The real potential of NGS for SNP discovery relies heavily on an ability to both discover and validate SNPs in an automated, high throughput manner. While the process of single nucleotide variant detection in allopolyploids is technically no more complex that the same process in homozygous diploids, the presence of multiple independently-segregating but potentially very similar sub-genomes requires extra layers of analysis in order to distinguish allelic and non-allelic variation. As illustrated by the above studies, this is certainly the case for allotetraploid white clover. While the approaches described in these studies [11, 12] were both elegant and informative, the processes required to partition genetic variation into allelic and non-allelic types are unsuited to the validation of the thousands of SNPs required for downstream applications such as association mapping and genomic selection.
Recently, Trick et al.  described a strategy for NGS-based SNP detection in allotetraploid Brassica napus which allowed the discrimination of allelic single nucleotide variants (hemi-SNPs) and sub-genome-specific or homeolog-specific variants (inter-homeolog SNPs). The progenitor A and C sub-genomes of B. napus are very similar, with many genes expected to exist as homeolog pairs, the transcript sequences of which are expected to differ by only approximately 3.5% on average. As a result, such homeolog pairs will tend to co-assemble or cluster, even when relatively high similarity thresholds (~95%) are used. The strategy is based on the use of doubled haploid (DH) lines, in which the individual sub-genomes have been rendered homozygous. Allelic variants in a sub-genome will be fixed for one or the other alternative nucleotide. Nucleotide variants that distinguish homeolog pairs (inter-homeolog variants) originating from different subgenomes will still be present. When reads from a homeolocus in a single DH line are aligned relative to a reference sequence, nucleotide variants apparent between constituent reads of the alignment are either inter-homeolog variants or real allelic variants that differ between the subgenomes. In most alignment software, the consensus sequence generated from the alignments will represent such positions with ambiguity codes indicating the presence of more than one nucleotide. The key point in the strategy is the comparison of the consensus sequences for alignments from different DH genotypes.

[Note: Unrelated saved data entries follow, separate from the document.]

Lemma terminal_prefix_eq z w : terminal G z -> w \in tree G -> prefix z w -> z = w.
Proof.
move=> tz Hw pzw; apply/eqP; apply: contraT => nzw.
by rewrite -(terminal_nonterminalF tz) (nonterminal_proper_prefix Hw pzw) ?prefix_size_lt.
Qed.

(* Hence [size (tree G)] steps, as in [play], reach a terminal history. *)
Lemma size_lt_tree h : h \in tree G -> size h < size (tree G).
Proof.
move=> Hh; have U : uniq [seq take k h | k <- iota 0 (size h).+1].
  rewrite map_inj_in_uniq ?iota_uniq // => k1 k2.
  rewrite !mem_iota !add0n !ltnS => k1h k2h e.
  by rewrite -(size_takel k1h) e size_takel.
have := uniq_leq_size U; rewrite size_map size_iota; apply => x /mapP [k _ ->].
exact: tree_prefix Hh (prefix_take _ _).
Qed.

Lemma thetai_rcons h a l : thetai (rcons h a) l = if a l is Some x then x else thetai h l.
Proof. by rewrite /thetai foldl_rcons. Qed.

(* Read off the experience, [thetai h l] is constant on information sets. *)
Definition last_action l (e : seq (nat * option {set Theta l})) : {set Theta l} :=
  foldl (fun acc p => if p.2 is Some x then x else acc) setT e.

Lemma thetai_experience l h : h \in tree G -> thetai h l = last_action (experience G l h).
Proof.
elim/last_ind: h => [|h b IH] // Hh.
rewrite thetai_rcons experience_rcons /last_action foldl_cat -/(last_action _).
rewrite -IH ?(tree_rcons Hh) //; have [_ /(valid_aprofileP l)] := tree_rconsP Hh.
by case: ifP => _ /=; [case: (b l) | move/eqP ->].
Qed.

Lemma thetai_rcons_sub h a l : rcons h a \in tree G -> thetai (rcons h a) l \subset thetai h l.
Proof.
move=> Hh; have [nt /(valid_aprofileP l)] := tree_rconsP Hh; rewrite thetai_rcons.
case: ifP => m; last by move/eqP ->.
case: (a l) => [x|] // xa; rewrite -(action_cover (i := l) (h := h)) ?/dnode ?nt //.
exact: bigcup_sup.
Qed.

Lemma thetai_prefix_sub z u l : z \in tree G -> prefix u z -> thetai z l \subset thetai u l.
Proof.
elim/last_ind: z => [|z b IH] Hz; first by rewrite prefixs0 => /eqP ->.
case/prefix_rconsP => [-> //| pu].
exact: subset_trans (thetai_rcons_sub _ Hz) (IH (tree_rcons Hz) pu).
Qed.

Lemma in_Theta_prefix z u th : z \in tree G -> prefix u z -> in_Theta z th -> in_Theta u th.
Proof. by move=> Hz pu H l; exact: (subsetP (thetai_prefix_sub l Hz pu)) (H l). Qed.

Lemma step_terminal s h : terminal G h -> step G s h = h.
Proof. by move=> Ht; rewrite /step terminal_nonterminalF. Qed.

Lemma valid_act_of s h : valid_sprofile G s -> nonterminal G h ->
  valid_aprofile G h (act_of G s h).
Proof.
move=> vs nt; apply/forallP => l; rewrite ffunE; case: ifP => m; rewrite ?m //.
by apply: vs; rewrite /dnode nt m.
Qed.
(* Multiplying (sum b)^r by sum b preserves Miller's recurrence, through the Leibniz rule
   for deriv_seq. *)
Lemma P_add1 b r : 0 < b O -> forall n, P n (r + 1) b = conv (Pseq r b) b n.
Proof.
  intros Hb n. symmetry. apply (miller_unique (r + 1) b); [lra|]. split.
  - unfold conv, Pseq; simpl. unfold P; simpl. rewrite Rpower_plus, Rpower_1; auto.
  - intros m. rewrite miller_sum_conv.
    set (p := Pseq r b).
    assert (HM : forall k, conv b (deriv_seq p) k = r * conv (deriv_seq b) p k).
    { intros k. pose proof (proj2 (P_miller r b ltac:(lra)) k) as H.
      rewrite miller_sum_conv in H. fold p in H. lra. }
    replace (deriv_seq (conv p b))
      with (fun k => conv (deriv_seq p) b k + conv p (deriv_seq b) k)
      by (extensionality k; symmetry; apply deriv_seq_conv).
    rewrite conv_plus_r, <- (conv_assoc b (deriv_seq p) b).
    replace (conv b (deriv_seq p)) with (fun k => r * conv (deriv_seq b) p k)
      by (extensionality k; auto).
    rewrite conv_scal_l, <- (conv_assoc b p (deriv_seq b)).
    replace (conv b p) with (conv p b) by (extensionality k; apply conv_comm).
    rewrite (conv_comm (conv p b) (deriv_seq b)), <- (conv_assoc (deriv_seq b) p b). ring.
Qed.

Lemma P_exponent0 b : 0 < b O -> forall n, P n 0 b = unit_seq n.
Proof.
  intros Hb n. symmetry. apply (miller_unique 0 b unit_seq); [lra|]. split.
  - simpl. rewrite Rpower_O; auto.
  - intros m. apply sum_eq_R0; intros k Hk.
    destruct (Nat.eq_dec k m) as [->|Hne]; [ring|].
    destruct (m - k)%nat eqn:E; [lia|]. simpl; ring.
Qed.

Lemma conv_pow_P b : 0 < b O -> forall k n, conv_pow b k n = P n (INR k) b.
Proof.
  intros Hb k. induction k; intros n.
  - simpl. rewrite P_exponent0; auto.
  - simpl conv_pow. rewrite conv_comm, S_INR, P_add1 by auto.
    apply conv_ext_le; intros; auto.
Qed.

Lemma P_scal c b r : 0 < c -> 0 < b O -> forall n,
  P n r (fun k => c * b k) = Rpower c r * P n r b.
Proof.
  intros Hc Hb n. symmetry.
  apply (miller_unique r (fun k => c * b k) (fun n => Rpower c r * P n r b)).
  { apply Rmult_integral_contrapositive; lra. }
  split.
  - unfold P; simpl. apply Rpower_mult_distr; auto.
  - intros m. pose proof (proj2 (P_miller r b ltac:(lra)) m) as H. unfold Pseq in H.
    rewrite (sum_eq _ (fun k => (c * Rpower c r) *
      ((INR k * (1 + r) - INR m) * b k * P (m - k)%nat r b))) by (intros; ring).
    rewrite sum_f_R0_scal_l, H. ring.
Qed.

Lemma P_spread b r : 0 < b O -> forall n, P n r (spread b) = spread (Pseq r b) n.
Proof.
  intros Hb n. symmetry. apply (miller_unique r (spread b) (spread (Pseq r b))).
  { unfold spread; simpl; lra. }
  split; [reflexivity|].
  intros j. destruct (parity j) as [m [->| ->]].
  - rewrite sum_f_R0_double by (intros i; rewrite spread_odd; ring).
    rewrite (sum_eq _ (fun i => 2 * ((INR i * (1 + r) - INR m) * b i * Pseq r b (m - i)%nat))).
    + rewrite sum_f_R0_scal_l, (proj2 (P_miller r b ltac:(lra)) m). ring.
    + intros i Hi. rewrite !spread_even.
      replace (2 * m - 2 * i)%nat with (2 * (m - i))%nat by lia.
      rewrite spread_even, !mult_INR. simpl (INR 2). ring.
  - rewrite sum_f_R0_double_S by (intros i; rewrite spread_odd; ring).
    apply sum_eq_R0; intros i Hi.
    replace (2 * m + 1 - 2 * i)%nat with (2 * (m - i) + 1)%nat by lia. rewrite spread_odd. ring.
Qed.

Lemma has_expansion_one : has_expansion (fun _ => 1) unit_seq.
Proof.
  intros N. eapply bigO_ext; [|apply bigO_zero]. apply near0_all; intros z.
  assert (poly unit_seq N z = 1).
  { induction N; unfold poly in *; simpl; [ring|]. rewrite IHN; ring. }
  rewrite H; ring.
Qed.

Lemma has_expansion_pow f b : has_expansion f b ->
  forall k, has_expansion (fun z => f z ^ k) (conv_pow b k).
Proof.
  intros Hf k; induction k.
  - eapply has_expansion_ext_all; [|apply has_expansion_one]. intros; simpl; auto.
  - eapply has_expansion_ext_all; [|apply (has_expansion_mult _ _ _ _ Hf IHk)].
    intros; simpl; auto.
Qed.

Lemma has_expansion_div f g d e m : has_expansion (fun z => f z * g z) (conv d e) ->
  has_expansion g e -> 0 < m -> near0 (fun z => m <= Rabs (g z)) -> has_expansion f d.
Proof.
  intros H1 Hg Hm Hb N.
  assert (A := bigO_diff_of_agree _ _ _ _ N H1
    (has_expansion_mult _ _ _ _ (has_expansion_poly d N) Hg)).
  destruct (bigO_nonneg_const _ _
    (A ltac:(intros k Hk; apply conv_ext_le; intros; auto; rewrite trunc_le; auto; lia)))
    as [C [HC HB]].
  exists (C / m). eapply near0_impl; [apply near0_and; [exact HB | exact Hb]|].
  cbv beta; intros z [B1 B2].
  replace (f z * g z - poly d N z * g z) with ((f z - poly d N z) * g z) in B1 by ring.
  rewrite Rabs_mult in B1.
  assert (0 <= Rabs z ^ S N) by (apply pow_le, Rabs_pos).
  apply (Rmult_le_reg_r m); auto.
  replace (C / m * Rabs z ^ S N * m) with (C * Rabs z ^ S N) by (field; lra).
  eapply Rle_trans; [apply Rmult_le_compat_l; [apply Rabs_pos | exact B2] | exact B1].
Qed.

Thus, any set of genotypes compared in this manner will always have the same consensus nucleotide interhomeolog variant positions. For positions where real allelic variation is the source of the ambiguity code in one genotype, comparison to a second genotype may reveal that the same position has a normal nucleotide code rather than an ambiguity code. This is likely to be the footprint of allelic variation at this position. Since, in essence, all that is required is the comparison of the consensus sequences resulting from at least two genotypes for each locus (defined by a reference sequence) this approach is amenable to being scaled up for numerous loci. Platforms such as Illumina can produce tens or hundred of millions of 100nt transcript reads per genotype, providing a source of genotype-specific sequences to align to a reference sequence, at a depth of coverage that allows the robust detection of nucleotide variants in the alignments.
The levels of nucleic acid identity for the subgenomes of white clover are similar to that of B. napus, so a similar strategy could be implemented with suitable homozygous genotypes. To our knowledge, no doubled haploid lines of white clover have been developed. However, inbred lines based on starting material in which the single-locus gametophytic self-incompatibility system has been overcome, presumably by the presence of one or more self-fertility (Sf) alleles, have been developed . Originally, fourth and fifth generation inbred lines of four distinct origins (referred to as genotypes R, S, J and H) were developed by single seed descent. When these lines were intercrossed they yielded F1 hybrid progeny that consistently exhibited heterosis for a range of characteristics, supporting the generally inbred nature of the lines. Two of the lines were subsequently used in the first molecular marker based genetic linkage map of white clover , which was based on an F2 population of a cross between a fourth generation derivative of one line and a fifth generation derivative of another (population F2(I.4RxI.5 J)). Marker segregation data revealed a high retention of heterozygosity, with up to 60% of simple sequence repeat (SSR) markers exhibiting bands suggesting retention of heterozygosity in the parents.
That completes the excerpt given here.